Babs and Katie are invited by Thelma and other girls to join their club. Babs accepts happily. The girls plan a meeting at the Ice-Palace for Student’s Night and encourage Babs to bring a boyfriend—but “not one of ours.”

At the Ice-Palace, Mack tries to get close to Babs despite her resistance. He gifts her humorous soap “for that schoolgirl complexion,” which annoys her. Mack attempts to cozy up on a couch, but Babs pulls away. Meanwhile, pranksters led by Tuffy play jokes by making phone calls to Babs and Mack, frustrating Babs. Mack defends Babs, carrying her off and scolding the boys. Babs and Mack then share a teasing, tender moment dancing, though Babs reminds Mack she has “lessons” besides dancing.

Mack invites Babs to the Ice-Palace Friday night, but Babs says she’ll go with a younger, handsomer man Sandy. Katie overhears this. At the Ice-Palace, couples skate and dance. Babs watches Mack make a jealous display with another girl and responds by toasting the “weeping women” he has left behind.

Katie awkwardly skates with Mr. Sinkwater, causing laughter and playful mishaps. Mack asks to skate with Babs; she agrees but says she’ll “file his application” first. Together with friends Tuffy and Sandy, they skate and enjoy the scene. Mack announces over a megaphone that Babs has “the warmest little feet on ice” and encourages everyone to make her skate. The crowd pushes Babs onto the ice, where she dances impressively, earning admiration. Mack jokes he could write a “hot song” about her dancing but it wouldn’t be allowed to be sung.

After skating, Mack invites Babs home, but she teasingly declines, choosing to go with Tuffy instead, making Mack jealous. When their car gets stuck in the rain, Mack rescues Babs, carrying her into a nearby shack. Inside, he helps dry her wet clothes and insists she remove her coat to avoid pneumonia. Despite awkward moments, warmth grows between them. Tuffy and friends arrive, causing tension, but Mack reassures them it was an accident and asks for silence as fraternity brothers. Embarrassed, Babs runs away in the rain, driving off alone.

Later, Mack confides to Sandy that he regrets the night's troubles. Katie tends to Babs, assuring her Mack didn’t mean harm and the boys won’t gossip.

Encouraged by friends, Babs attends a big party to lift her spirits. She shows off her bold personality—dancing on a piano, flirting, sharing cigarettes, and leading boys to the punch bowl. Mack watches with mixed feelings.

Mack boasts to his friends he’ll take Babs home. He approaches Babs and a boy lounging on a couch. Thelma arrives, takes the boy away, and privately talks with Mack. Mack says something important happened at the cabin and insists on talking at Babs’ home.
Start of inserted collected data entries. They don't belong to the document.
Lemma biglcm_gt0 (I : eqType) (s : seq I) (F : I -> nat) :
  {in s, forall i, 0 < F i} -> 0 < \big[lcmn/1]_(i <- s) F i.
Proof.
move=> F_gt0; rewrite big_seq; elim/big_ind: _ => // u v.
by rewrite lcmn_gt0 => -> ->.
Qed.

Lemma logn_biglcm p (I : eqType) (s : seq I) (F : I -> nat) :
  {in s, forall i, 0 < F i} ->
  logn p (\big[lcmn/1]_(i <- s) F i) = \max_(i <- s) logn p (F i).
Proof.
elim: s => [|x s IHs] F_gt0; first by rewrite !big_nil logn1.
have F_gt0_s : {in s, forall i, 0 < F i}.
  by move=> i s_i; apply: F_gt0; rewrite inE s_i orbT.
by rewrite !big_cons logn_lcm ?F_gt0 ?mem_head ?IHs ?biglcm_gt0.
Qed.

Lemma dvdn_from_logn d m : 0 < d -> 0 < m ->
  (forall p, logn p d <= logn p m) -> d %| m.
Proof.
move=> d_gt0 m_gt0 le_logn; apply/lcmn_idPr.
apply: eqn_from_log => [||p]; rewrite ?lcmn_gt0 ?d_gt0 //.
by rewrite logn_lcm //; apply/maxn_idPr.
Qed.

Lemma exists_argmax (F : nat -> nat) N : exists m,
  [/\ 0 < m, m <= N.+1 & forall i, 0 < i -> i <= N.+1 -> F i <= F m].
Proof.
elim: N => [|N [m [m_gt0 m_le F_max]]].
  by exists 1; split=> // i i_gt0 i_le; have -> : i = 1 by lia.
have [F_le | F_gt] := leqP (F N.+2) (F m).
  exists m; split=> [||i i_gt0 i_le] //; first by lia.
  by case: (ltnP i N.+2) => [i_lt | i_ge]; [apply: F_max | have -> : i = N.+2 by lia].
exists N.+2; split=> // i i_gt0 i_le.
case: (ltnP i N.+2) => [i_lt | i_ge]; last by have -> : i = N.+2 by lia.
exact: leq_trans (F_max i i_gt0 i_lt) (ltnW F_gt).
Qed.

(* The carry produced at the units digit when adding x and k in base r. *)
Definition carry (r x k : nat) : bool := r <= x %% r + k %% r.

Lemma carry_not_dvd r x k : 0 < r -> carry r x k -> ~~ (r %| (x + k).+1).
Proof.
rewrite /carry => r_gt0 carry_xk.
have split_sum : (x + k).+1 = (x %/ r + k %/ r).+1 * r + ((x %% r + k %% r).+1 - r).
  by rewrite {1}(divn_eq x r) {1}(divn_eq k r); lia.
have := ltn_pmod x r_gt0; have := ltn_pmod k r_gt0.
rewrite /dvdn split_sum modnMDl; move: carry_xk.
move: (x %% r) (k %% r) => u v *; rewrite modn_small; lia.
Qed.

Lemma carry_dvd_succ r x k : 0 < r -> r %| k.+1 ->
  carry r x k = ~~ (r %| (x + k).+1).
Proof.
move=> r_gt0 /dvdnP [c k_succ].
have k_mod : k %% r = r.-1.
  have -> : k = c.-1 * r + r.-1 by case: c k_succ => [|c]; nia.
  by rewrite modnMDl modn_small // prednK.
rewrite /carry -addnS k_succ (dvdn_addl _ (dvdn_mull c (dvdnn r))) /dvdn k_mod.
have := ltn_pmod x r_gt0; case: (x %% r) => [|y]; rewrite ?mod0n; lia.
Qed.

(* For f with f (gcd i j) = min (f i) (f j), each superlevel set
   {i in 1..N | e < f i} is the set of multiples of some r in 1..N
   (r = N+1 when the set is empty). *)
Lemma gcd_min_threshold {f : nat -> nat} :
  (forall i j, 0 < i -> 0 < j -> f (gcdn i j) = minn (f i) (f j)) ->
  forall e N, exists2 r, 0 < r & forall i, 0 < i -> i <= N -> (e < f i) = (r %| i).
Proof.
move=> f_gcd e N.
case: (boolP [exists i : 'I_N.+1, (0 < i) && (e < f i)]) => [/existsP ex | none].
- have ex_nat : exists i, (0 < i) && (e < f i) by case: ex => i ?; exists i.
  case: (ex_minnP ex_nat) => r /andP[r_gt0 f_r] r_min.
  exists r => // i i_gt0 _; apply/idP/idP => [f_i | r_dvd_i].
  + have g_gt0 : 0 < gcdn i r by rewrite gcdn_gt0 i_gt0.
    have f_g : e < f (gcdn i r) by rewrite f_gcd // leq_min f_i f_r.
    have g_eq : gcdn i r = r.
      by apply/eqP; rewrite eqn_leq r_min ?g_gt0 // dvdn_leq // dvdn_gcdr.
    by rewrite -g_eq dvdn_gcdl.
  + move: (f_gcd r i r_gt0 i_gt0); rewrite (gcdn_idPl r_dvd_i) => f_r_min.
    by move: f_r; rewrite f_r_min leq_min => /andP[].
- exists N.+1 => // i i_gt0 i_le.
  have -> : (N.+1 %| i) = false by apply/negbTE/negP => /(dvdn_leq i_gt0); lia.
  apply/negbTE; apply: contra none => f_i; apply/existsP.
  by exists (Ordinal (i_le : i < N.+1)); rewrite /= i_gt0.
Qed.

Section Layers.
Variables (f : nat -> nat) (n : nat).
Hypothesis f_gcd : forall i j, 0 < i -> 0 < j -> f (gcdn i j) = minn (f i) (f j).

(* The e-th layers of f summed over the numerator indices n, ..., n-k+1 and
   over the denominator indices 1, ..., k of the a-binomial coefficient. *)
Definition num_layer e k := \sum_(0 <= i < k) (e < f (n - i)).
Definition den_layer e k := \sum_(1 <= i < k.+1) (e < f i).

Section FixedLayer.
Context {e r : nat}.
Hypothesis r_gt0 : 0 < r.
Hypothesis layer_dvd : forall i, 0 < i -> i <= n.+1 -> (e < f i) = (r %| i).

Lemma den_layerE k : k <= n -> den_layer e k = k %/ r.
Proof.
move=> k_le; rewrite divn_count_dvd; apply: eq_big_nat => i /andP[i_gt0 i_le].
by rewrite layer_dvd //; lia.
Qed.

Lemma num_layerE k : k <= n -> num_layer e k = k %/ r + carry r (n - k) k.
Proof.
move=> k_le.
have -> : num_layer e k = n %/ r - (n - k) %/ r.
  rewrite -count_dvd_window //; apply: eq_big_nat => i /andP[_ i_lt].
  by rewrite layer_dvd //; lia.
by rewrite -{1}(subnK k_le) divnD // -addnA addKn.
Qed.
End FixedLayer.

Lemma den_layer_le e k : k <= n -> den_layer e k <= num_layer e k.
Proof.
move=> k_le; have [r r_gt0 layer_dvd] := gcd_min_threshold f_gcd e n.+1.
by rewrite (num_layerE r_gt0 layer_dvd) // (den_layerE r_gt0 layer_dvd) // leq_addr.
Qed.

Section Maximizer.
Variable m : nat.
Hypotheses (m_gt0 : 0 < m) (m_le : m <= n.+1).
Hypothesis f_max : forall i, 0 < i -> i <= n.+1 -> f i <= f m.

Section MaximizerLayer.
Context {e r : nat}.
Hypothesis r_gt0 : 0 < r.
Hypothesis layer_dvd : forall i, 0 < i -> i <= n.+1 -> (e < f i) = (r %| i).

(* A layer of index r <= n+1 is nonempty, hence contains the maximizer m. *)
Lemma layer_dvd_max : r <= n.+1 -> r %| m.
Proof.
move=> r_le; rewrite -layer_dvd //.
by apply: leq_trans _ (f_max r r_gt0 r_le); rewrite layer_dvd.
Qed.

(* A carry forces r <= n+1, hence r | m, while r cannot divide n+1. *)
Lemma carry_le_layer k : k <= n ->
  carry r (n - k) k <= (r %| m) - (r %| n.+1).
Proof.
move=> k_le; have [carry_k | //] := boolP (carry r (n - k) k).
have r_le : r <= n.+1.
  apply: leq_trans (carry_k : r <= _) _.
  by apply: leq_trans (leq_add (leq_mod _ _) (leq_mod _ _)) _; lia.
have := carry_not_dvd _ _ _ r_gt0 carry_k; rewrite subnK // layer_dvd_max //.
by move/negbTE ->.
Qed.

Lemma carry_at_max : carry r (n - m.-1) m.-1 = ((r %| m) - (r %| n.+1)) :> nat.
Proof.
have k_le : m.-1 <= n by lia.
have [r_dvd_m | r_ndvd_m] := boolP (r %| m).
  rewrite carry_dvd_succ ?prednK // subnK //.
  by case: (r %| n.+1).
have r_gt : n.+1 < r by rewrite ltnNge; apply: contra r_ndvd_m; exact: layer_dvd_max.
have -> : (r %| n.+1) = false.
  by apply/negbTE/negP => /(dvdn_leq (ltn0Sn n)); rewrite leqNgt r_gt.
rewrite /carry !modn_small; lia.
Qed.
End MaximizerLayer.

Lemma layer_gap_le e k : k <= n ->
  num_layer e k - den_layer e k <= (e < f m) - (e < f n.+1).
Proof.
move=> k_le; have [r r_gt0 layer_dvd] := gcd_min_threshold f_gcd e n.+1.
rewrite (num_layerE r_gt0 layer_dvd) // (den_layerE r_gt0 layer_dvd) // addKn.
by rewrite !layer_dvd // (carry_le_layer r_gt0 layer_dvd).
Qed.

Lemma layer_gap_at_max e :
  num_layer e m.-1 - den_layer e m.-1 = (e < f m) - (e < f n.+1).
Proof.
have k_le : m.-1 <= n by lia.
have [r r_gt0 layer_dvd] := gcd_min_threshold f_gcd e n.+1.
rewrite (num_layerE r_gt0 layer_dvd) // (den_layerE r_gt0 layer_dvd) // addKn.
by rewrite !layer_dvd // (carry_at_max r_gt0 layer_dvd).
Qed.
End Maximizer.
End Layers.
(* In the setting of the context, let $1\le i<j<k\le m$ be integers and $p',q,r$ integers such that $s_i^{p'}s_j^{q}s_k^{r}=e$ in $G_m$. Then $p'=q=r=0$.
   Context: $H$ is a finitely presented group with finite generating set $T$, containing a free subgroup $F$ of rank $p$ with free basis $\{d_1,\dots,d_p\}\subset T$ (standing assumption: $\mathrm{Dist}_F^H$ admits an exponentially bounded sequence of palindromic certificates in $F$). $F_x,F_y,F_z$ are free of rank $p$ with bases $\{x_i\},\{y_i\},\{z_i\}$. $G_1=[H\ast_{\langle d_i=x_iy_i^{-1}\rangle}(F_x\times F_y\times F_z)]\times\langle s_1\rangle$; $G_2=\langle G_1,s_2\mid s_2^{-1}(x_iz_i)s_2=y_iz_i,\ 1\le i\le p\rangle$; $G_l=\langle G_{l-1},s_l\mid s_l^{-1}s_1s_l=s_{l-1}\rangle$ for $l\ge3$. *)

(* Groups given by presentations, encoded as words over a
   generator type modulo the congruence generated by the relations. *)
From mathcomp Require Import all_boot all_order all_algebra.
Set Implicit Arguments. Unset Strict Implicit. Unset Printing Implicit Defensive.
Import GRing.Theory Num.Theory.

(* A letter is a generator together with a flag: false = x, true = x^{-1}. *)
Definition word (X : Type) := seq (X * bool).

(* The congruence on words generated by free cancellation and the relations
   R: two words are equal in the group <X | R> iff they are related. *)
Inductive peq (X : Type) (R : word X -> word X -> Prop) : word X -> word X -> Prop :=
| peq_refl w : peq R w w
| peq_sym u v : peq R u v -> peq R v u
| peq_trans u v w : peq R u v -> peq R v w -> peq R u w
| peq_cat u u' v v' : peq R u u' -> peq R v v' -> peq R (u ++ v) (u' ++ v')
| peq_inv x b : peq R [:: (x, b); (x, ~~ b)] [::]
| peq_rel u v : R u v -> peq R u v.

Definition wmap (X Y : Type) (f : X -> Y) (w : word X) : word Y :=
  map (fun a => (f a.1, a.2)) w.

Fixpoint reduced (X : eqType) (w : word X) : bool :=
  match w with
  | a :: ((b :: _) as w') => ~~ ((a.1 == b.1) && (a.2 == ~~ b.2)) && reduced w'
  | _ => true
  end.

Definition Hrel (T : finType) (RH : seq (word T * word T)) (u v : word T) : Prop :=
  (u, v) \in RH.

(* {d_1,...,d_p} is a free basis of the subgroup F of H it generates:
   no nonempty freely reduced word in the d_i is trivial in H. *)
Definition free_basis (T : finType) (RH : seq (word T * word T)) (p : nat)
  (d : 'I_p -> T) : Prop :=
  forall w : word 'I_p, reduced w -> w <> [::] ->
    ~ peq (Hrel RH) (wmap d w) [::].

(* Generators of G_m: those of H, x_i, y_i, z_i (i < p), and s_l, l < m.
   gs l stands for s_{l+1} (0-based indexing). *)
Inductive gen (T : Type) (p m : nat) : Type :=
| gH of T
| gx of 'I_p
| gy of 'I_p
| gz of 'I_p
| gs of 'I_m.

Section Gm.
Variables (T : finType) (RH : seq (word T * word T)) (p : nat) (d : 'I_p -> T) (m : nat).
Local Notation G := (gen T p m).
Definition lt (g : G) : word G := [:: (g, false)].
Definition lti (g : G) : word G := [:: (g, true)].

(* is g a generator of H *_{d_i = x_i y_i^{-1}} (F_x x F_y x F_z) ? *)
Definition amalg_gen (g : G) : bool :=
  match g with gs _ => false | _ => true end.

Inductive Grel : word G -> word G -> Prop :=
| GrH u v : (u, v) \in RH -> Grel (wmap (@gH T p m) u) (wmap (@gH T p m) v)
| Gamalg i : Grel (lt (gH p m (d i))) (lt (gx T m i) ++ lti (gy T m i))
(* F_x x F_y x F_z : generators of different factors commute *)
| Gxy i j : Grel (lt (gx T m i) ++ lt (gy T m j)) (lt (gy T m j) ++ lt (gx T m i))
| Gxz i j : Grel (lt (gx T m i) ++ lt (gz T m j)) (lt (gz T m j) ++ lt (gx T m i))
| Gyz i j : Grel (lt (gy T m i) ++ lt (gz T m j)) (lt (gz T m j) ++ lt (gy T m i))
(* G_1 = [...] x <s_1> : s_1 commutes with the amalgam's generators *)
| Gs1 (o : 'I_m) (g : G) : val o = 0 -> amalg_gen g ->
    Grel (lt (gs T p o) ++ lt g) (lt g ++ lt (gs T p o))
| Gs2 (l : 'I_m) i : val l = 1 ->
    Grel (lti (gs T p l) ++ lt (gx T m i) ++ lt (gz T m i) ++ lt (gs T p l))
         (lt (gy T m i) ++ lt (gz T m i))
| Gsl (l l' o : 'I_m) : 2 <= val l -> val l' = (val l).-1 -> val o = 0 ->
    Grel (lti (gs T p l) ++ lt (gs T p o) ++ lt (gs T p l)) (lt (gs T p l')).

Definition Geq (u v : word G) : Prop := peq Grel u v.

Definition spow (l : 'I_m) (n : int) : word G :=
  match n with
  | Posz k => nseq k (gs T p l, false)
  | Negz k => nseq k.+1 (gs T p l, true)
  end.
End Gm.

From mathcomp Require Import all_boot all_order all_algebra.
From mathcomp Require Import ring zify.
Import GRing.Theory Num.Theory.
Set Implicit Arguments. Unset Strict Implicit. Unset Printing Implicit Defensive.
Local Open Scope ring_scope.

(* G_m acts by affine maps on any commutative ring in which 1 - ell is a unit:
   all generators except the s_l act trivially, s_1 is the dilation
   t |-> (1 - ell) t, and s_(l+1), l >= 1, is t |-> (1 - ell) t + ell^(m-1-l).
   Over Z/L^(m-k) with ell = L > |r|, the letters s_i and s_j then have zero
   translation part while s_k^r translates by r L^(m-1-k), which vanishes only
   for r = 0; the same argument at level j gives q = 0.  Over Q with ell = -1,
   s_i^p' is the dilation by 2^p', so p' = 0. *)

Section AffineGroup.
Variable R : comUnitRingType.

(* [(a, b)] is the affine map [t |-> a t + b]; [affmul x y] applies [x] first. *)
Definition affmul (x y : R * R) : R * R := (x.1 * y.1, y.1 * x.2 + y.2).
Definition affinv (x : R * R) : R * R := (x.1^-1, - (x.1^-1 * x.2)).

Lemma affmulA : associative affmul.
Proof. by move=> x y z; rewrite /affmul /=; congr pair; ring. Qed.

Lemma aff1mul : left_id (1, 0) affmul.
Proof. by case=> a b; rewrite /affmul /=; congr pair; ring. Qed.

Lemma affmul1 : right_id (1, 0) affmul.
Proof. by case=> a b; rewrite /affmul /=; congr pair; ring. Qed.

Lemma affmulV x : x.1 \is a GRing.unit -> affmul x (affinv x) = (1, 0).
Proof. by case: x => a b /= ua; rewrite /affmul /= mulrV //; congr pair; ring. Qed.

Lemma affVmul x : x.1 \is a GRing.unit -> affmul (affinv x) x = (1, 0).
Proof.
by case: x => a b /= ua; rewrite /affmul /= mulVr // mulrN mulrA mulrV // mul1r addNr.
Qed.

Lemma affinv1 : affinv (1, 0) = (1, 0).
Proof. by rewrite /affinv /= invr1 mulr0 oppr0. Qed.

Lemma affconj_dilation c x : x.1 \is a GRing.unit ->
  affmul (affinv x) (affmul (c, 0) x) = (c, (1 - c) * x.2).
Proof.
case: x => a b /= ua; rewrite /affmul /affinv /=; congr pair.
  by rewrite mulrCA mulVr // mulr1.
by rewrite mulrN mulrA -(mulrA c) mulrV // mulr1; ring.
Qed.

Lemma unitr1B_nilpotent (x : R) n : x ^+ n = 0 -> (1 - x) \is a GRing.unit.
Proof.
move=> xn0; apply/unitrPr; exists (\sum_(i < n) x ^+ i).
by rewrite -opprB mulNr -subrX1 xn0 sub0r opprK.
Qed.

Section Evaluation.
Variables (X : Type) (f : X -> R * R).

Definition affletter (a : X * bool) : R * R := if a.2 then affinv (f a.1) else f a.1.

Definition affeval (w : word X) : R * R := foldr (affmul \o affletter) (1, 0) w.

Lemma affeval_cat u v : affeval (u ++ v) = affmul (affeval u) (affeval v).
Proof. by elim: u => [|a u IHu] /=; rewrite ?aff1mul // IHu affmulA. Qed.

Lemma affeval_wmap_id (Y : Type) (g : Y -> X) (w : word Y) :
  (forall y, f (g y) = (1, 0)) -> affeval (wmap g w) = (1, 0).
Proof.
move=> fg1; elim: w => [|a w IHw] //=.
by rewrite IHw affmul1 /affletter /= fg1; case: a.2; rewrite ?affinv1.
Qed.

Lemma affeval_peq (rel : word X -> word X -> Prop) :
  (forall x, (f x).1 \is a GRing.unit) ->
  (forall u v, rel u v -> affeval u = affeval v) ->
  forall u v, peq rel u v -> affeval u = affeval v.
Proof.
move=> f_unit f_rel u v; elim=> {u v}.
- by [].
- by move=> u v _ ->.
- by move=> u v w _ -> _ ->.
- by move=> u u' v v' _ eu _ ev; rewrite !affeval_cat eu ev.
- move=> x [] /=; rewrite affmul1 /affletter /=.
  + by rewrite affVmul.
  + by rewrite affmulV.
- exact: f_rel.
Qed.

Lemma affeval_nseq_fst n a : (affeval (nseq n a)).1 = (affletter a).1 ^+ n.
Proof. by elim: n => //= n ->; rewrite exprS. Qed.

Lemma affeval_nseq_snd n a : (affletter a).1 * (affletter a).2 = (affletter a).2 ->
  (affeval (nseq n a)).2 = (affletter a).2 *+ n.
Proof.
move=> fix_b; elim: n => //= n IHn.
rewrite /affmul /= IHn affeval_nseq_fst mulrS; congr (_ + _).
by elim: n {IHn} => [|n IHn]; rewrite ?mul1r // exprSr -mulrA fix_b.
Qed.

End Evaluation.
End AffineGroup.

Section Representation.
Variables (T : finType) (RH : seq (word T * word T)) (p : nat) (d : 'I_p -> T) (m : nat).

Definition s_below (k : nat) (a : gen T p m * bool) : bool :=
  if a.1 is gs l then (l < k)%N else true.

Lemma s_below_spow (l : 'I_m) k n : (l < k)%N -> all (s_below k) (spow T p l n).
Proof. by case: n => n lk; rewrite all_nseq /s_below /= lk ?orbT. Qed.

Variables (R : comUnitRingType) (ell : R).

(* Conjugating [(1 - ell, 0)] by [(a, b)] gives [(1 - ell, ell * b)], so the
   relation [s_l^-1 s_1 s_l = s_(l-1)] holds when the translation part of
   [s_(l-1)] is [ell] times that of [s_l]. *)
Definition srep_s (l : 'I_m) : R * R :=
  (1 - ell, if val l == 0%N then 0 else ell ^+ (m.-1 - l)).
Arguments srep_s : simpl never.

Definition srep (g : gen T p m) : R * R := if g is gs l then srep_s l else (1, 0).

Hypothesis unit_1subl : (1 - ell) \is a GRing.unit.

Lemma srep_unit g : (srep g).1 \is a GRing.unit.
Proof. by case: g => * //=; rewrite unitr1. Qed.

Lemma srep_Grel u v : Grel RH d u v -> affeval srep u = affeval srep v.
Proof.
case=> {u v} [u v _ | i | i j | i j | i j | o g o0 g_amalg | l i _ | l l' o l_ge2 l'E o0].
- by rewrite !affeval_wmap_id.
all: rewrite /affeval /= /affletter /= ?affinv1 ?affmul1 ?aff1mul //.
- by case: g g_amalg => // *; rewrite affmul1 aff1mul.
- by rewrite affVmul // (srep_unit (gs T p l)).
- move: l_ge2 l'E => /= l_ge2 l'E.
  have [l_gt0 l'_gt0] : (0 < l)%N /\ (0 < l')%N by lia.
  rewrite /srep_s o0 affconj_dilation ?srep_unit //= !eqn0Ngt l_gt0 l'_gt0 /=.
  have -> : (m.-1 - l' = (m.-1 - l).+1)%N by have := ltn_ord l; lia.
  by rewrite subKr exprS.
Qed.

Lemma srep_Geq u v : Geq RH d u v -> affeval srep u = affeval srep v.
Proof. exact/affeval_peq/srep_Grel/srep_unit. Qed.

Lemma srep_s_fix (l : 'I_m) : ell ^+ (m - l) = 0 ->
  (1 - ell) * (srep_s l).2 = (srep_s l).2.
Proof.
rewrite /srep_s /=; case: eqP => _ ellN; first by rewrite mulr0.
have ml : (m - l = (m.-1 - l).+1)%N by have := ltn_ord l; lia.
by rewrite mulrBl mul1r -exprS -ml ellN subr0.
Qed.

Lemma srep_spow_fst (l : 'I_m) n : (affeval srep (spow T p l n)).1 = (1 - ell) ^ n.
Proof. by case: n => n; rewrite /spow affeval_nseq_fst //= exprVn. Qed.

Lemma srep_spow_snd (l : 'I_m) n : ell ^+ (m - l) = 0 ->
  (affeval srep (spow T p l n)).2 = (srep_s l).2 *~ n.
Proof.
move=> /srep_s_fix fix_b; have inv_fix : (1 - ell)^-1 * (srep_s l).2 = (srep_s l).2.
  by rewrite -{1}fix_b mulKr.
case: n => n; rewrite /spow affeval_nseq_snd //= ?inv_fix ?mulNrn //.
by rewrite mulrN inv_fix.
Qed.

Lemma srep_s_below (l : 'I_m) k : (l < k)%N -> ell ^+ (m - k) = 0 -> (srep_s l).2 = 0.
Proof.
rewrite /srep_s /=; case: eqP => // _ lk ellN.
have mkl : (m - k <= m.-1 - l)%N by have := ltn_ord l; lia.
by rewrite -(subnKC mkl) exprD ellN mul0r.
Qed.

Lemma affeval_s_below k w : ell ^+ (m - k) = 0 -> all (s_below k) w ->
  (affeval srep w).2 = 0.
Proof.
move=> ellN; elim: w => [|[g b] w IHw] //= /andP[g_below w_below].
rewrite /affmul /= IHw // addr0.
have g0 : (srep g).2 = 0.
  by case: g g_below => [t|t|t|t|l] //= lk; apply: srep_s_below lk ellN.
by case: b {g_below}; rewrite /affletter /= g0 ?mulr0 ?oppr0 ?mulr0.
Qed.

Lemma srep_top_translation (k : 'I_m) u c : (0 < k)%N -> ell ^+ (m - k) = 0 -> all (s_below k) u ->
  Geq RH d (u ++ spow T p k c) [::] -> ell ^+ (m.-1 - k) *~ c = 0.
Proof.
move=> k_gt0 ellN u_below /srep_Geq /(congr1 snd).
rewrite affeval_cat /= (affeval_s_below ellN) // mulr0 add0r srep_spow_snd //.
by rewrite /srep_s /= eqn0Ngt k_gt0.
Qed.

End Representation.

Lemma Zp_natX_mulz_eq0 (L n : nat) (c : int) : (1 < L)%N -> (`|c| < L)%N ->
  (L%:R : 'Z_(L ^ n.+1)) ^+ n *~ c = 0 -> c = 0.
Proof.
move=> L_gt1 cL; have N_gt1 : (1 < L ^ n.+1)%N by rewrite -(exp1n n.+1) ltn_exp2r.
have mulrn_eq0 k : (k < L)%N -> (L%:R : 'Z_(L ^ n.+1)) ^+ n *+ k = 0 -> k = 0%N.
  move=> kL /(congr1 val); rewrite -natrX -mulr_natr -natrM /= val_Zp_nat // => /eqP.
  rewrite -/(dvdn _ _) expnSr dvdn_pmul2l ?expn_gt0 ?(ltnW L_gt1) //.
  by case: k kL => // k kL /(dvdn_leq (ltn0Sn k)); lia.
case: c cL => k kL.
- by move=> /(mulrn_eq0 k kL) ->.
- by move=> /eqP; rewrite oppr_eq0 => /eqP /(mulrn_eq0 k.+1 kL).
Qed.

Lemma top_spow_exponent_eq0 (T : finType) (RH : seq (word T * word T)) (p : nat)
  (d : 'I_p -> T) (m : nat) (k : 'I_m) u c : (0 < k)%N -> all (s_below k) u ->
  Geq RH d (u ++ spow T p k c) [::] -> c = 0.
Proof.
move=> k_gt0 u_below; set n := (m.-1 - k)%N; set L := (`|c|.+2)%N.
have mk : (m - k = n.+1)%N by rewrite /n; have := ltn_ord k; lia.
pose ell : 'Z_(L ^ n.+1) := L%:R.
have ellN : ell ^+ (m - k) = 0 by rewrite mk -natrX pchar_Zp // -(exp1n n.+1) ltn_exp2r.
move=> /(srep_top_translation (unitr1B_nilpotent ellN) k_gt0 ellN u_below).
exact: Zp_natX_mulz_eq0.
Qed.

Lemma spow_exponent_eq0 (T : finType) (RH : seq (word T * word T)) (p : nat)
  (d : 'I_p -> T) (m : nat) (l : 'I_m) n : Geq RH d (spow T p l n) [::] -> n = 0.
Proof.
have two_unit : (1 - (-1) : rat) \is a GRing.unit by [].
move=> /(srep_Geq two_unit) /(congr1 fst); rewrite srep_spow_fst /= => /eqP.
by rewrite pexprz_eq1 // => /orP[/eqP | //].
Qed.

Theorem lemma3p5 (T : finType) (RH : seq (word T * word T)) (p : nat)
  (d : 'I_p -> T) (Hfree : free_basis RH d) (m : nat) (i j k : 'I_m)
  (hij : (i < j)%N) (hjk : (j < k)%N) (p' q r : int) :
  Geq RH d (spow T p i p' ++ spow T p j q ++ spow T p k r) [::] ->
  [/\ p' = 0, q = 0 & r = 0].
Proof.
move=> rel; have r0 : r = 0.
  rewrite catA in rel; apply: (top_spow_exponent_eq0 _ _ rel).
    exact: leq_ltn_trans hjk.
  by rewrite all_cat !s_below_spow // (ltn_trans hij hjk).
move: rel; rewrite r0 cats0 => rel; have q0 : q = 0.
  apply: (top_spow_exponent_eq0 _ _ rel); first exact: leq_ltn_trans hij.
  exact: s_below_spow.
by split=> //; move: rel; rewrite q0 cats0 => /spow_exponent_eq0.
Qed.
At Babs’ house, Mack tries to prepare her for a shock, offering a cigarette to calm her nerves. Babs teases, suspecting the cigarette is the real reason for the visit. Mack lights it and jokes she’s “woozy” from smoking and drinking. He produces a flask and offers her a drink. She reacts humorously to its strength but drinks anyway. Mack encourages her to “live up to her reputation.” Babs protests the fast drinks, but Mack is amused.

When Babs moves to the victrola, Mack reveals he’s not fooled by her act and has “found her out” as a bluffer. Babs breaks down crying, admitting she pretended to smoke and drink to be popular. Mack confesses he has never drunk alcohol either, just passing off cold tea and ginger ale to maintain a tough image.

They share a moment of understanding, making a secret pact. Mack asks Babs to wear his fraternity pin, which she happily accepts. He pins it on her vest, and they laugh. They dance tenderly.

Katie enters, reminding them it’s Babs’ bedtime, hinting she expects a visitor herself. Mack says goodnight but returns when Babs calls him back for a proper goodbye. He kisses her through the glass door, and the scene fades out.